Сентименталь | страница 2
К своему стыду, по большей части я не понимал занятий хозяина. Порой он делился со мной размышлениями, но, разумеется, не для того, чтобы что-то узнать или спросить — вряд ли я мог быть помощником в этих вопросах — скорее, ему хотелось просто произнести вслух то, что волновало его душу. Как порой любой из нас беседует с бессловесной тварью вроде собаки или кошки, а может быть даже просто с кем-то выдуманным, так и Клаус фон Дирк разговаривал со мной.
Я, конечно же, не обижался. Пропасть, разделяющая нас не только по положению, но и по уму, была столь огромна, что не было никакой надежды когда-нибудь преодолеть ее. Как мне кажется, она лишь увеличивалась со временем.
Порой мне доводилось наблюдать, с каким упоением господин работает. «Должно быть, именно так господь Бог трудился при создании Земли», — посещали меня порой богохульные мысли. Клаус фон Дирк творил исступленно, будто у него из времени был только краткий миг настоящего и никакого другого более.
Из бесед с господином я знаю, что поначалу он, как и многие, занимался фундаментальными вопросами алхимии: получение философского камня и эликсира бессмертия; создание големов и гомункулов; исследование природы веществ. Однако ни на одной из этих дорог он не продвинулся дальше определенного этапа.

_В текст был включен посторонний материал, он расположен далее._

Lemma agree_restr (U : {set X}) (s : assign U) (g : assign [set: X]) :
  agree s g = (s == restr U g).
Proof.
apply/forallP/eqP => [H|->].
  apply/ffunP => u; rewrite ffunE; apply/eqP.
  by have /forallP/(_ (exist _ (val u) (in_setT (val u))))/implyP := H u; apply.
by move=> u; apply/forallP => v; apply/implyP => /eqP e; rewrite ffunE e at_val.
Qed.

Lemma agree_restr_sub (U C : {set X}) (s : assign U) (g : assign [set: X]) :
  U \subset C -> agree s (restr C g) = agree s g.
Proof.
move=> UC; rewrite agree_restr; apply/forallP/eqP => [H|->].
  apply/ffunP => u; rewrite ffunE.
  have uC : val u \in C by apply: (subsetP UC); exact: valP.
  by have /forallP/(_ (exist _ (val u) uC))/implyP/(_ (eqxx _))/eqP -> := H u; rewrite ffunE.
by move=> u; apply/forallP => v; apply/implyP => /eqP e; rewrite !ffunE e.
Qed.

Lemma marg_marg (U C : {set X}) (e : assign [set: X] -> R) (s : assign U) :
  U \subset C -> marg (marg e : assign C -> R) s = marg e s.
Proof.
move=> UC; rewrite /marg [RHS](partition_big (restr C) (fun c => agree s c)) /=; last first.
  by move=> g; rewrite agree_restr_sub.
apply: eq_bigr => c sc; apply: eq_bigl => g.
rewrite agree_restr; apply/eqP/andP => [E|[_ /eqP <-]] //.
by rewrite -(agree_restr_sub _ _ UC) -E.
Qed.

Lemma sum_prod_assign (f : X -> O -> R) :
  \big[Rplus/R0]_(g : assign [set: X]) \big[Rmult/R1]_(x : X) f x (at_ g x)
  = \big[Rmult/R1]_(x : X) \big[Rplus/R0]_(o : O) f x o.
Proof.
rewrite prod_setT bigA_distr_bigA /=; apply: eq_bigr => g _.
by rewrite prod_setT; apply: eq_bigr => u _; rewrite at_val.
Qed.

Definition compatible_at (C : {set X}) (s : assign C) (x : X) : pred O :=
  fun o => [forall v : {y : X | y \in C}, (val v == x) ==> (s v == o)].

Lemma prod_compatible (C : {set X}) (s : assign C) (f : X -> O -> R) :
  (forall x, x \notin C -> \big[Rplus/R0]_(o : O) f x o = R1) ->
  \big[Rmult/R1]_(x : X) \big[Rplus/R0]_(o | compatible_at s x o) f x o
  = \big[Rmult/R1]_(u : {x : X | x \in C}) f (val u) (s u).
Proof.
move=> f1; rewrite (bigID (mem C)) /= [X in Rmult _ X]big1 ?Rmult_1_r; last first.
  move=> x xC; rewrite -(f1 x xC); apply: eq_bigl => o.
  by apply/forallP => v; apply/implyP => /eqP vx; move: xC; rewrite -vx (valP v).
rewrite big_sub; apply: eq_bigr => v _; rewrite (big_pred1 (s v)) // => o.
apply/forallP/eqP => [/(_ v)|->]; first by rewrite eqxx => /eqP.
by move=> w; apply/implyP => /eqP /val_inj ->.
Qed.

Lemma marg_prod (C : {set X}) (s : assign C) (f : X -> O -> R) :
  (forall x, x \notin C -> \big[Rplus/R0]_(o : O) f x o = R1) ->
  marg (fun g : assign [set: X] => \big[Rmult/R1]_(x : X) f x (at_ g x)) s
  = \big[Rmult/R1]_(u : {x : X | x \in C}) f (val u) (s u).
Proof.
move=> f1; rewrite -prod_compatible // prod_setT.
rewrite (bigA_distr_big_dep (fun u : Xall => compatible_at s (val u))) /=.
apply: eq_big => [g|g _]; last first.
  by rewrite prod_setT; apply: eq_bigr => u _; rewrite at_val.
apply/forallP/familyP => [H u|H v].
  by apply/forallP => v; apply/implyP => /eqP e; have /forallP/(_ u)/implyP := H v; apply; apply/eqP.
by apply/forallP => u; apply/implyP => /eqP e; have /forallP/(_ v)/implyP := H u; apply; apply/eqP.
Qed.

End Assignments.

Section Canonical.
Variables (X O : finType) (M : {set {set X}}) (S : Type) (st : S -> @state_fam X O).
Arguments st : clear implicits.
Notation assign := (@assign X O).
Notation tq := (tq M st).

Lemma stU_context sg C (s : assign C) : is_cover M -> C \in M -> stU M st sg C s = st sg C s.
Proof.
move=> [_ antichain] CM; rewrite /stU; case: pickP => [C' /andP[C'M CC'] | /(_ C)]; last first.
  by rewrite CM subxx.
have eC : C' = C.
  apply/eqP; rewrite eqEsubset CC' andbT; apply: negbNE.
  by have := antichain _ _ CM C'M; rewrite properE CC'.
subst C'.
by rewrite /marg (big_pred1 s) // => t; rewrite agree_eq.
Qed.

Lemma stU_global_section d sg U (s : assign U) :
  global_section M st d -> jointly_measurable M U -> stU M st sg U s = marg (d sg) s.
Proof.
move=> dgs /existsP[C0 /andP[C0M UC0]]; rewrite /stU.
case: pickP => [C /andP[CM UC] | /(_ C0)]; last by rewrite C0M UC0.
rewrite -(marg_marg _ _ UC); apply: eq_bigr => c _.
by rewrite (proj2 (dgs sg) C CM c).
Qed.

Lemma label_equivbP x y : reflect (label_equiv M st x y) (label_equivb M st x y).
Proof. by rewrite /label_equivb; case: excluded_middle_informative => h; constructor. Qed.

Lemma qmap_surj (c : Xq M st) : exists x, qmap M st x = c.
Proof. by have /existsP [x /eqP e] := svalP c; exists x; apply: val_inj; rewrite /= e. Qed.

Lemma tq_inj : injective tq.
Proof.
move=> t1 t2 E; apply/ffunP => c; have [x <-] := qmap_surj c.
by have := congr1 (fun g : assign [set: X] => g (exist _ x (in_setT x))) E; rewrite !ffunE.
Qed.

Lemma tq_codom (g : assign [set: X]) :
  (forall x x', label_equiv M st x x' -> at_ g x = at_ g x') -> g \in codom tq.
Proof.
move=> g_const; apply/codomP.
exists [ffun c : Xq M st => at_ g (xchoose (existsP (svalP c)))]; apply/ffunP => u.
rewrite !ffunE; set r := xchoose _.
have /eqP cls_r := xchooseP (existsP (svalP (qmap M st (val u)))); rewrite -/r /= in cls_r.
have : r \in cls M st r by rewrite inE; apply/label_equivbP => sg o.
by rewrite -cls_r inE => /label_equivbP /g_const <-; rewrite at_val.
Qed.

Lemma canonical_marg (e : assign [set: X] -> R) U (s : assign U) :
  (forall g x x', label_equiv M st x x' -> at_ g x != at_ g x' -> e g = R0) ->
  fsum (fun t : Omcan M st => xi_can M st U t s * e (tq t)) = marg e s.
Proof.
move=> e_const; rewrite /marg big_mkcond (bigID (mem (codom tq))) /=.
rewrite [X in _ = _ + X]big1 ?Rplus_0_r; last first.
  move=> g g_nconst; case: ifP => // _; apply: NNPP => eg; case/negP: g_nconst.
  apply: tq_codom => x x' xx'; apply/eqP/negPn/negP => gxx'; exact: eg (e_const g x x' xx' gxx').
rewrite -big_uniq; last by rewrite (map_inj_uniq tq_inj) enum_uniq.
rewrite big_image /fsum; apply: eq_bigr => t _.
by rewrite /xi_can agree_restr; case: ifP => _; rewrite ?Rmult_1_l ?Rmult_0_l.
Qed.

End Canonical.

Section FactorizableRepresentation.
Variables (X O : finType) (M : {set {set X}}) (S : Type) (st : S -> @state_fam X O).
Variables (Om : countType) (mu : S -> Om -> R) (xi : forall U : {set X}, Om -> @assign X O U -> R).
Arguments st : clear implicits.
Arguments xi : clear implicits.
Notation assign := (@assign X O).

Hypothesis cover : is_cover M.
Hypothesis st_dist : forall sg C, C \in M -> fdist (st sg C).
Hypothesis mu_dist : forall sg, cdist (mu sg).
Hypothesis xi_dist : forall U, measurement M U -> forall l, fdist (xi U l).
Hypothesis rep : forall sg U, measurement M U -> forall k : assign U,
  psum (fun l => xi U l k * mu sg l) (stU M st sg U k).
Hypothesis fact : factorizable M xi.

Lemma measurement_set1 x : measurement M [set x].
Proof.
split; first by apply/set0Pn; exists x; rewrite set11.
have : x \in \bigcup_(C in M) C by rewrite cover.1 in_setT.
by case/bigcupP => C CM xC; apply/existsP; exists C; rewrite CM sub1set.
Qed.

Lemma sum_xi1 l x : \big[Rplus/R0]_(o : O) xi [set x] l (cst x o) = 1.
Proof. by rewrite -sum_assign1; case: (xi_dist (measurement_set1 x) l). Qed.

Это был не полный провал, но, как я понял, дальнейший путь выглядел бы блужданием в темноте в поисках крохотной щелочки, из которой струится свет.
Клаус фон Дирк был весьма недоволен этими неудачами. Он потерял аппетит и тратил почти все свободное время на исследования и опыты. Не единожды я заставал его дремлющим в кресле со старинным фолиантом в руках. Сотни раз я упрашивал прерваться и поесть или поспать. Однако дух на тот момент, ни во что не ставил слабую плоть.

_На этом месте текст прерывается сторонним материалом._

Lemma small_shift_in_itv (L s d : R) : 0 < L -> 0 <= s <= L -> 0 < d ->
  exists k, [/\ k != 0, `|k| < d & 0 <= s - k <= L].
Proof.
move=> L0 /andP[s0 sL] d0; pose m := Num.min (d / 2) (L / 2).
have m0 : 0 < m by rewrite lt_min !divr_gt0.
have [md mL] : m <= d / 2 /\ m <= L / 2 by rewrite !ge_min !lexx orbT.
have [sL2|sL2] := leP s (L / 2).
- by exists (- m); rewrite oppr_eq0 normrN gtr0_norm ?gt_eqF //; split=> //;
    [lra | apply/andP; split; lra].
- by exists m; rewrite gtr0_norm ?gt_eqF //; split=> //;
    [lra | apply/andP; split; lra].
Qed.

End RealAnalysis.

Section ComplexFacts.
Variable R : realType.
Implicit Types (r : R) (z : R[i]).

Lemma Re_realM r z : complex.Re (r%:C * z) = r * complex.Re z.
Proof. by case: z => a b /=; rewrite mul0r subr0. Qed.

Lemma conjc_realC r : conjc (r%:C) = r%:C :> R[i].
Proof. by rewrite /= oppr0. Qed.

Lemma Re_conj z : complex.Re (conjc z) = complex.Re z.
Proof. by case: z. Qed.

Lemma complex_eq0 z : complex.Re z = 0 -> complex.Re ('i * z) = 0 -> z = 0.
Proof.
by case: z => a b /= -> /eqP; rewrite mul0r mul1r sub0r oppr_eq0 => /eqP ->.
Qed.

End ComplexFacts.

Section InnerProduct.
Variables (R : realType) (V : lmodType R[i]) (ip : V -> V -> R[i]).
Hypothesis ipP : inner_product ip.

Lemma ipDr x y z : ip x (y + z) = ip x y + ip x z.
Proof. by case: ipP => lin _ _ _; rewrite -[y]scale1r lin mul1r scale1r. Qed.

Lemma ip0r x : ip x 0 = 0.
Proof. by apply: (@addrI _ (ip x 0)); rewrite -ipDr !addr0. Qed.

Lemma ipZr a x y : ip x (a *: y) = a * ip x y.
Proof. by case: ipP => lin _ _ _; have := lin a x y 0; rewrite !addr0 ip0r addr0. Qed.

Lemma ipBr x y z : ip x (y - z) = ip x y - ip x z.
Proof. by rewrite ipDr -scaleN1r ipZr mulN1r. Qed.

Lemma ipC x y : ip x y = conjc (ip y x).
Proof. by case: ipP. Qed.

Lemma ipDl x y z : ip (x + y) z = ip x z + ip y z.
Proof. by rewrite ipC ipDr rmorphD /= -!ipC. Qed.

Lemma ipZl a x y : ip (a *: x) y = conjc a * ip x y.
Proof. by rewrite ipC ipZr rmorphM /= -ipC. Qed.

Lemma ipBl x y z : ip (x - y) z = ip x z - ip y z.
Proof. by rewrite ipDl -scaleN1r ipZl rmorphN1 mulN1r. Qed.

Lemma Re_ip_ge0 x : 0 <= complex.Re (ip x x).
Proof. by case: ipP => _ _ /(_ x)[]. Qed.

Lemma normv_ge0 x : 0 <= normv ip x.
Proof. exact: sqrtr_ge0. Qed.

Lemma normv_sqr x : normv ip x ^+ 2 = complex.Re (ip x x).
Proof. by rewrite sqr_sqrtr // Re_ip_ge0. Qed.

Lemma Re_ip_eq0 x : complex.Re (ip x x) = 0 -> x = 0.
Proof.
case: ipP => _ _ /(_ x)[_ Im0] def Re0; apply: def.
by move: Re0 Im0; case: (ip x x) => a b /= -> ->.
Qed.

Lemma Re_ip_le_normv u v : `|complex.Re (ip u v)| <= normv ip u * normv ip v.
Proof.
set A := complex.Re (ip u u); set B := complex.Re (ip u v).
set C := complex.Re (ip v v).
have quad t : 0 <= A + 2 * t * B + t ^+ 2 * C.
  have := Re_ip_ge0 (u + t%:C *: v).
  rewrite !(ipDl, ipDr, ipZl, ipZr) conjc_realC !raddfD /= !Re_realM.
  by rewrite (ipC v u) Re_conj -/A -/B -/C; lra.
have BAC : B ^+ 2 <= A * C.
  have [C0|C0] := eqVneq C 0.
    have -> : B = 0 by rewrite /B (Re_ip_eq0 C0) ip0r.
    by rewrite expr0n mulr_ge0 ?Re_ip_ge0.
  have Cpos : 0 < C by rewrite lt0r C0 Re_ip_ge0.
  have := quad (- B / C).
  have -> : A + 2 * (- B / C) * B + (- B / C) ^+ 2 * C = (A * C - B ^+ 2) / C.
    by field; rewrite C0.
  by rewrite pmulr_lge0 ?invr_gt0 // subr_ge0.
rewrite -(ger0_norm (mulr_ge0 (normv_ge0 u) (normv_ge0 v))) -ler_sqr ?nnegrE //.
by rewrite !real_normK ?num_real // exprMn !normv_sqr.
Qed.

Lemma cvg_Re_ip {T} {F : set_system T} {FF : Filter F} (x y : T -> V) (x0 y0 : V) :
  normv ip (x t - x0) @[t --> F] --> 0 -> normv ip (y t - y0) @[t --> F] --> 0 ->
  complex.Re (ip (x t) (y t)) @[t --> F] --> complex.Re (ip x0 y0).
Proof.
move=> xt yt; pose G t := normv ip (x t - x0) * normv ip (y t - y0) +
  normv ip (x t - x0) * normv ip y0 + normv ip x0 * normv ip (y t - y0).
have G0 : G t @[t --> F] --> 0.
  have -> : 0 = 0 * 0 + 0 * normv ip y0 + normv ip x0 * 0 :> R.
    by rewrite !(mul0r, mulr0) !addr0.
  by apply: cvgD; [apply: cvgD; [exact: cvgM | apply: cvgM] | apply: cvgM] => //;
    try exact: cvg_cst.
apply: (@squeeze_cvgr _ _ _ _ (fun t => complex.Re (ip x0 y0) - G t)
  (fun t => complex.Re (ip x0 y0) + G t)); last 2 first.
- by rewrite -[X in _ --> X]subr0; apply: cvgB => //; exact: cvg_cst.
- by rewrite -[X in _ --> X]addr0; apply: cvgD => //; exact: cvg_cst.
near=> t; rewrite -ler_distlC distrC -raddfB /=.
have -> : ip (x t) (y t) - ip x0 y0 = ip (x t - x0) (y t - y0) + ip (x t - x0) y0 +
    ip x0 (y t - y0) by rewrite !(ipBl, ipBr); ring.
rewrite !raddfD /=; apply: le_trans (ler_normD _ _) _; apply: lerD; last exact: Re_ip_le_normv.
by apply: le_trans (ler_normD _ _) _; apply: lerD; exact: Re_ip_le_normv.
Unshelve. all: by end_near. Qed.

Lemma normv0 : normv ip 0 = 0.
Proof. by rewrite /normv ip0r sqrtr0. Qed.

Lemma cvg_Re_ipl {T} {F : set_system T} {FF : Filter F} (x : T -> V) (x0 w : V) :
  normv ip (x t - x0) @[t --> F] --> 0 ->
  complex.Re (ip (x t) w) @[t --> F] --> complex.Re (ip x0 w).
Proof. by move=> xt; apply: cvg_Re_ip xt _; rewrite subrr normv0; exact: cvg_cst. Qed.

Lemma cvg_Re_ipr {T} {F : set_system T} {FF : Filter F} (y : T -> V) (w y0 : V) :
  normv ip (y t - y0) @[t --> F] --> 0 ->
  complex.Re (ip w (y t)) @[t --> F] --> complex.Re (ip w y0).
Proof. by apply: cvg_Re_ip; rewrite subrr normv0; exact: cvg_cst. Qed.

Definition dense_in (D : V -> Prop) :=
  forall x (e : R), 0 < e -> exists y, D y /\ normv ip (x - y) < e.

Lemma dense_Re_ip_eq0 (D : V -> Prop) z : dense_in D ->
  (forall y, D y -> complex.Re (ip y z) = 0) -> z = 0.
Proof.
move=> Ddense zperp; apply: Re_ip_eq0; apply/eqP/negPn/negP => z0.
have nz : 0 < normv ip z by rewrite sqrtr_gt0 lt_neqAle eq_sym z0 Re_ip_ge0.
have [y [Dy yz]] := Ddense z _ nz.
have : normv ip z ^+ 2 < normv ip z ^+ 2.
  rewrite {1}normv_sqr.
  have -> : ip z z = ip (z - y) z + ip y z by rewrite ipBl subrK.
  rewrite raddfD /= (zperp y Dy) addr0.
  apply: le_lt_trans (ler_norm _) _; apply: le_lt_trans (Re_ip_le_normv _ _) _.
  by rewrite expr2 ltr_pM2r.
by rewrite ltxx.
Qed.

End InnerProduct.

Section UnitaryGroup.
Variables (R : realType) (V : lmodType R[i]) (ip : V -> V -> R[i]).
Variables (D : V -> Prop) (H : V -> V) (U : R -> V -> V).
Hypothesis UG : unitary_group_of ip D H U.

Lemma ugD t x y : U t (x + y) = U t x + U t y.
Proof. by case: UG => -[lin _ _ _ _] _; rewrite -[x]scale1r lin !scale1r. Qed.

Lemma ugZ t a x : U t (a *: x) = a *: U t x.
Proof.
case: UG => -[lin _ _ _ _] _; have U0 : U t 0 = 0.
  by apply: (@addrI _ (U t 0)); rewrite -ugD !addr0.
by have := lin t a x 0; rewrite !addr0 U0 addr0.
Qed.

Lemma ugB t x y : U t (x - y) = U t x - U t y.
Proof. by rewrite ugD -scaleN1r ugZ scaleN1r. Qed.

Lemma ug0 x : U 0 x = x.
Proof. by case: UG => -[]. Qed.

Lemma ug_add s t x : U (s + t) x = U s (U t x).
Proof. by case: UG => -[]. Qed.

Lemma ug_iso t x y : ip (U t x) (U t y) = ip x y.
Proof. by case: UG => -[]. Qed.

Lemma ug_adj t x y : ip (U t x) y = ip x (U (- t) y).
Proof. by rewrite -(ug_iso t x) -ug_add subrr ug0. Qed.

Lemma normv_ug t x : normv ip (U t x) = normv ip x.
Proof. by rewrite /normv ug_iso. Qed.

Lemma ug_cvg x : normv ip (U h x - x) @[h --> 0^'] --> 0.
Proof. by case: UG => -[_ _ _ _ cont] _; have /lim_atE := cont x 0; rewrite ug0. Qed.

Lemma ug_generator x : D x ->
  normv ip ((h^-1)%:C *: (U h x - x) - - 'i *: H x) @[h --> 0^'] --> 0.
Proof. by case: UG => _ gen Dx; apply/lim_atE/gen. Qed.

Lemma ug_domain t x : D x -> D (U t x).
Proof.
case: UG => _ gen Dx.
suff [] : D (U t x) /\ U t (- 'i *: H x) = - 'i *: H (U t x) by [].
apply/gen/lim_atE; have /lim_atE := (gen x _).1 (conj Dx erefl).
suff -> : (fun h => normv ip ((h^-1)%:C *: (U h x - x) - - 'i *: H x)) =
  (fun h => normv ip ((h^-1)%:C *: (U h (U t x) - U t x) - U t (- 'i *: H x))) by [].
by apply/funext => h; rewrite -(normv_ug t) !(ugB, ugZ) -!ug_add [t + h]addrC addrC.
Qed.

Hypothesis ipP : inner_product ip.

Lemma ug_fix_kernel x : D x -> H x = 0 -> forall t, U t x = x.
Proof.
move=> Dx Hx0; suff fix_pos t : 0 <= t -> U t x = x.
  move=> t; have [/fix_pos //|t0] := leP 0 t.
  by rewrite -{1}(fix_pos (- t)) ?oppr_ge0 ?ltW // -ug_add subrr ug0.
move=> t0; apply/eqP; rewrite -subr_eq0; apply/eqP; apply: (Re_ip_eq0 ipP).
set d : V := U t x - x; pose f s := complex.Re (ip d (U s x)).
suff : f t = f 0 by rewrite /f ug0 => E; rewrite {2}/d (ipBr ipP) raddfB /= E subrr.
apply: (derive0_eq t0) => s _.
have -> : (fun h => h^-1 * (f (s + h) - f s)) =
    (fun h => complex.Re (ip (U (- s) d) ((h^-1)%:C *: (U h x - x)))).
  apply/funext => h; rewrite /f -raddfB -(ipBr ipP).
  by rewrite (ipZr ipP) Re_realM ug_adj opprK ugB -ug_add.
rewrite -[X in _ --> X](_ : complex.Re (ip (U (- s) d) (- 'i *: H x)) = 0).
  apply: (cvg_Re_ipr ipP); exact: ug_generator.
by rewrite (ipZr ipP) Hx0 (ip0r ipP) mulr0.
Qed.

Lemma ug_generator_orth x y L : 0 < L -> D x ->
  (forall s, 0 <= s <= L -> ip x (U s y) = 0) ->
  forall s, 0 <= s <= L -> ip (H x) (U s y) = 0.
Proof.
move=> L0 Dx xy s sL.
have Re0 c : complex.Re (ip (- 'i *: H x) (c *: U s y)) = 0.
  apply: cvg_zeros_eq0 (cvg_Re_ipl ipP _) _; first exact: ug_generator.
  move=> d d0; have [k [k0 kd skL]] := small_shift_in_itv L0 sL d0.
  exists k; split=> //.
  rewrite (ipZl ipP) (ipBl ipP) ug_adj ugZ !(ipZr ipP) -ug_add [- k + s]addrC.
  by rewrite (xy _ skL) (xy _ sL) subrr mulr0.
have : ip (- 'i *: H x) (U s y) = 0.
  apply: complex_eq0; first by have := Re0 1; rewrite scale1r.
  by have := Re0 'i; rewrite (ipZr ipP).
rewrite (ipZl ipP) => /eqP; rewrite mulf_eq0 => /orP[|/eqP //].
by move=> /eqP/(congr1 (@complex.Im R))/eqP; rewrite /= opprK oner_eq0.
Qed.

End UnitaryGroup.

Lemma ug_agree (R : realType) (V : lmodType R[i]) (ip : V -> V -> R[i])
    (D : V -> Prop) (H1 H2 : V -> V) (U1 U2 : R -> V -> V) (y : V) (t : R) :
  inner_product ip -> dense_in ip D ->
  unitary_group_of ip D H1 U1 -> unitary_group_of ip D H2 U2 -> 0 <= t ->
  (forall s a, 0 <= s <= t -> D a -> ip (H1 a - H2 a) (U2 s y) = 0) ->
  U1 t y = U2 t y.
Proof.
move=> ipP Ddense G1 G2 t0 orth.
have key x : D x -> complex.Re (ip (U1 t x) (U2 t y)) = complex.Re (ip x y).
  move=> Dx; pose g s := complex.Re (ip (U1 s x) (U2 s y)).
  suff : g t = g 0 by rewrite /g (ug0 G1) (ug0 G2).
  apply: (derive0_eq t0) => s st.
  pose a := U1 s x; pose b := U2 s y; have Da : D a := ug_domain G1 s Dx.
  (* Isometry of U2: g (s + h) - g s = <(U1 h - U2 h) a | U2 h b>, so y need
     not lie in D. *)
  have -> : (fun h => h^-1 * (g (s + h) - g s)) =
    (fun h => complex.Re (ip ((h^-1)%:C *: (U1 h a - a)) (U2 h b)) -
              complex.Re (ip ((h^-1)%:C *: (U2 h a - a)) (U2 h b))).
    apply/funext => h; rewrite /g [s + h]addrC (ug_add G1) (ug_add G2).
    rewrite -(ug_iso G2 h (U1 s x)) -!raddfB -!(ipBl ipP) -scalerBr (ipZl ipP).
    by rewrite conjc_realC /= Re_realM opprB addrA subrK.
  rewrite -[X in _ --> X](_ : complex.Re (ip (- 'i *: H1 a) b) -
                              complex.Re (ip (- 'i *: H2 a) b) = 0).
    apply: cvgB; apply: (cvg_Re_ip ipP); try exact: ug_cvg G2 b.
      exact: ug_generator G1 _ Da.
    exact: ug_generator G2 _ Da.
  by rewrite -raddfB -(ipBl ipP) -scalerBr (ipZl ipP) orth ?mulr0.
have : U1 (- t) (U2 t y) - y = 0.
  apply: (dense_Re_ip_eq0 ipP Ddense) => x Dx.
  by rewrite (ipBr ipP) raddfB /= -(ug_adj G1) key ?subrr.
by move/eqP; rewrite subr_eq0 => /eqP E; rewrite -{1}E -(ug_add G1) subrr (ug0 G1).
Qed.

Theorem proposition3 (R : realType) (V : lmodType R[i]) (ip : V -> V -> R[i])
    (D : V -> Prop) (Hon : V -> V) (psi_off psi_on : V)
    (Uon Uhat : R -> V -> V) (L : R) :
  hilbert_space ip ->
  self_adjoint ip D Hon ->
  ip psi_off psi_off = 1 -> ip psi_on psi_on = 1 -> ip psi_off psi_on = 0 ->
  D psi_off ->
  ip psi_off (Hon psi_off) != 0 ->
  (* Uon t = e^{-i t Hon} *)
  unitary_group_of ip D Hon Uon ->
  (* Uhat t = e^{-i t Hhat}, Hhat = Hon - Hon|off><off|Hon / r0, domain D *)
  unitary_group_of ip D
    (fun x => Hon x - (ip psi_off (Hon x) / ip psi_off (Hon psi_off)) *: Hon psi_off)
    Uhat ->
  0 < L ->
  (forall t, 0 <= t <= L -> ip psi_off (Uon t psi_on) = 0) ->
  forall t, 0 <= t <= L ->
    Uhat t psi_off = psi_off /\ Uhat t psi_on = Uon t psi_on.
Proof.
move=> [ipP _] [_ _ Ddense _] _ _ _ Doff r0 Gon Ghat L0 orth t /andP[t0 tL].
split.
  by apply: (ug_fix_kernel Ghat ipP Doff); rewrite divff // scale1r subrr.
apply: (ug_agree ipP Ddense Ghat Gon t0) => s a /andP[s0 st] Da /=.
rewrite addrAC subrr add0r -scaleNr (ipZl ipP).
by rewrite (ug_generator_orth Gon ipP L0 Doff orth) ?mulr0 // s0 (le_trans st tL).
Qed.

Но всему приходит конец. Как бы не был силен огонь внутри человека — без подпитки он затухает. В душе господина горел пожар, способный сжечь в одночасье весь Гамбург, однако и он не выдержал столь изнурительного труда.
Однажды я обнаружил Клауса фон Дирка лежащим без памяти возле стола, заваленного бумагами. В тревоге бросившись к нему, я вскоре облегченно вздохнул. Сердце алхимика билось, грудь философа вздымалась, мой господин был жив.
Перетащив его в спальню, я целую неделю практически неотлучно просидел подле. Господин был в беспамятстве. Порой фразы начинали исторгаться из него, подобно тому, как болезнь выходит из выздоравливающего тела. Я считал это хорошим знаком и вскоре убедился, что мои надежды не напрасны.